- Exercise goal: From the line that contains "Hypothesis ip_eq0 : forall" to the last line of the data, every line is to be transcribed exactly; no other line is to be included.

Data section section start

(* With [t = e * conj <k, v>] and [e = 1 / (hnorm2 k + 1)],
   [hnorm2 (v - t k) = hnorm2 v - e |<k, v>|^2 (2 - e hnorm2 k)]. *)
Lemma orth_of_min_dist v k :
  (forall t : R[i], hnorm2 v <= hnorm2 (v - t *: k)) -> ip k v = 0.
Proof.
move=> v_min; set c := ip k v.
set r := complex.Re (c * Num.conj c).
have cc_r : c * Num.conj c = r%:C.
  by rewrite /r {1}(complexE (c * _)) (ger0_Im (mulcJ_ge0 c)) mulr0 addr0.
have r_ge0 : 0 <= r by rewrite -ler0c -cc_r mulcJ_ge0.
set e := (hnorm2 k + 1)^-1.
have k_ge0 := hnorm2_ge0 k.
have e_gt0 : 0 < e by rewrite invr_gt0; lra.
have ek_le1 : e * hnorm2 k <= 1.
  by rewrite /e mulrC ler_pdivrMr; lra.
have expand : hnorm2 (v - (e%:C * Num.conj c) *: k) =
              hnorm2 v - 2%:R * e * r + e * e * r * hnorm2 k.
  apply: complexI; rewrite hnorm2E !(rmorphD, rmorphB, rmorphN, rmorphM, rmorph_nat) /=.
  have conj_e : Num.conj e%:C = e%:C by exact: conjc_real.
  ip_expand; rewrite (ip_conj k v) -!hnorm2E -/c !rmorphM /= conj_e conjCK rmorph1 -cc_r.
  ring.
have := v_min (e%:C * Num.conj c); rewrite expand => le_v.
have factor_gt0 : 0 < e * (2%:R - e * hnorm2 k) by rewrite mulr_gt0 //; lra.
have r0 : r = 0.
  by apply/eqP; rewrite eq_le r_ge0 andbT -(pmulr_rle0 _ factor_gt0); nra.
by move: cc_r; rewrite r0 => /eqP; rewrite mulf_eq0 conjC_eq0 orbb => /eqP.
Qed.

Section Projection.
Variable M : V -> Prop.
Hypothesis M0 : M 0.
Hypothesis MDZ : forall (a : R[i]) x y, M x -> M y -> M (a *: x + y).
Hypothesis M_complete :
  forall u, (forall n, M (u n)) -> hcauchy ip u -> exists2 x, M x & hcvg ip u x.
Variable x : V.

Let dists (r : R) : Prop := exists2 m, M m & r = hnorm2 (x - m).
Let d : R := inf dists.

Let dists_has_inf : classical_sets.has_inf dists.
Proof.
split; first by exists (hnorm2 (x - 0)), 0.
by exists 0 => _ [m _ ->]; exact: hnorm2_ge0.
Qed.

Lemma dist_le m : M m -> d <= hnorm2 (x - m).
Proof. by move=> Mm; apply: (ge_inf dists_has_inf.2); exists m. Qed.

Let approximating (ms : nat -> V) : Prop :=
  forall n, M (ms n) /\ hnorm2 (x - ms n) < d + n.+1%:R^-1.

Lemma exists_approximating : exists ms, approximating ms.
Proof.
suff /boolp.choice[ms ms_approx] :
    forall n, exists m, M m /\ hnorm2 (x - m) < d + n.+1%:R^-1 by exists ms.
move=> n.
have inv_gt0 : 0 < n.+1%:R^-1 :> R by rewrite invr_gt0 ltr0n.
have [_ [m Mm ->] lt_md] := inf_adherent inv_gt0 dists_has_inf.
by exists m.
Qed.

Let MZ a y : M y -> M (a *: y).
Proof. by move=> My; rewrite -[a *: y]addr0; apply: MDZ. Qed.

Let MD y z : M y -> M z -> M (y + z).
Proof. by move=> My Mz; rewrite -[y]scale1r; apply: MDZ. Qed.

Let MB y z : M y -> M z -> M (y - z).
Proof. by move=> My Mz; rewrite -scaleN1r addrC; apply: MDZ. Qed.

(* By Apollonius, the midpoint of [ms a] and [ms b] lies in [M], so
   [hnorm2 (ms a - ms b) <= 2 / a.+1 + 2 / b.+1]. *)
Lemma approximating_cauchy ms : approximating ms -> hcauchy ip ms.
Proof.
move=> ms_approx e e_gt0.
have e24_gt0 : 0 < e ^+ 2 / 4%:R by rewrite divr_gt0 // exprn_gt0.
have [N ltN] := eventually_inv_lt e24_gt0.
exists N => a b le_Na le_Nb; apply: hnorm_lt => //.
have := apollonius x (ms a) (ms b).
have := dist_le (MZ (2^-1) (MD (ms_approx a).1 (ms_approx b).1)).
have := (ms_approx a).2; have := (ms_approx b).2.
have := ltN a le_Na; have := ltN b le_Nb.
move: (e ^+ 2) (a.+1%:R^-1 : R) (b.+1%:R^-1 : R) => E ia ib; lra.
Qed.

(* The reflection [ms n + ms n - m] of [m] through [ms n] lies in [M]. *)
Lemma approximating_limit ms m :
  approximating ms -> M m -> hcvg ip ms m -> hnorm2 (x - m) <= d.
Proof.
move=> ms_approx Mm ms_m; apply/ler_addgt0Pr => e e_gt0.
have e8_gt0 : 0 < e / 8%:R by rewrite divr_gt0.
have [N1 ltN1] := eventually_inv_lt e8_gt0.
have [N2 ltN2] := ms_m (Num.sqrt (e / 8%:R)) ltac:(by rewrite sqrtr_gt0).
pose n := maxn N1 N2.
have := ltN1 n (leq_maxl _ _).
have := ltN2 n (leq_maxr _ _); rewrite hnorm_lt_sqrt //.
have := parallelogram x (ms n) m.
have := dist_le (MB (MD (ms_approx n).1 (ms_approx n).1) Mm).
have := (ms_approx n).2; have := hnorm2_ge0 (ms n - m).
move: (n.+1%:R^-1 : R) => i; lra.
Qed.

Theorem orth_proj : exists2 m, M m & perp ip M (x - m).
Proof.
have [ms ms_approx] := exists_approximating.
have [m Mm ms_m] := M_complete (fun n => (ms_approx n).1) (approximating_cauchy ms_approx).
exists m => // k Mk; apply: orth_of_min_dist => t.
have -> : x - m - t *: k = x - (t *: k + m) by rewrite opprD addrA addrAC.
exact: le_trans (approximating_limit ms_approx Mm ms_m) (dist_le (MDZ t Mk Mm)).
Qed.

End Projection.

End InnerProduct.

Section Operators.
Variables (R : realType) (V : lmodType R[i]) (ip : V -> V -> R[i]).
Hypothesis ipDZl : forall (a : R[i]) x y z, ip (a *: x + y) z = a * ip x z + ip y z.
Hypothesis ip_conj : forall x y, ip y x = Num.conj (ip x y).
Hypothesis ip_ge0 : forall x, 0 <= ip x x.
Hypothesis ip_eq0 : forall x, ip x x = 0 -> x = 0.
Hypothesis ip_complete : forall u, hcauchy ip u -> exists x, hcvg ip u x.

Data section section end

- Expected answer:
Hypothesis ip_eq0 : forall x, ip x x = 0 -> x = 0.
Hypothesis ip_complete : forall u, hcauchy ip u -> exists x, hcvg ip u x.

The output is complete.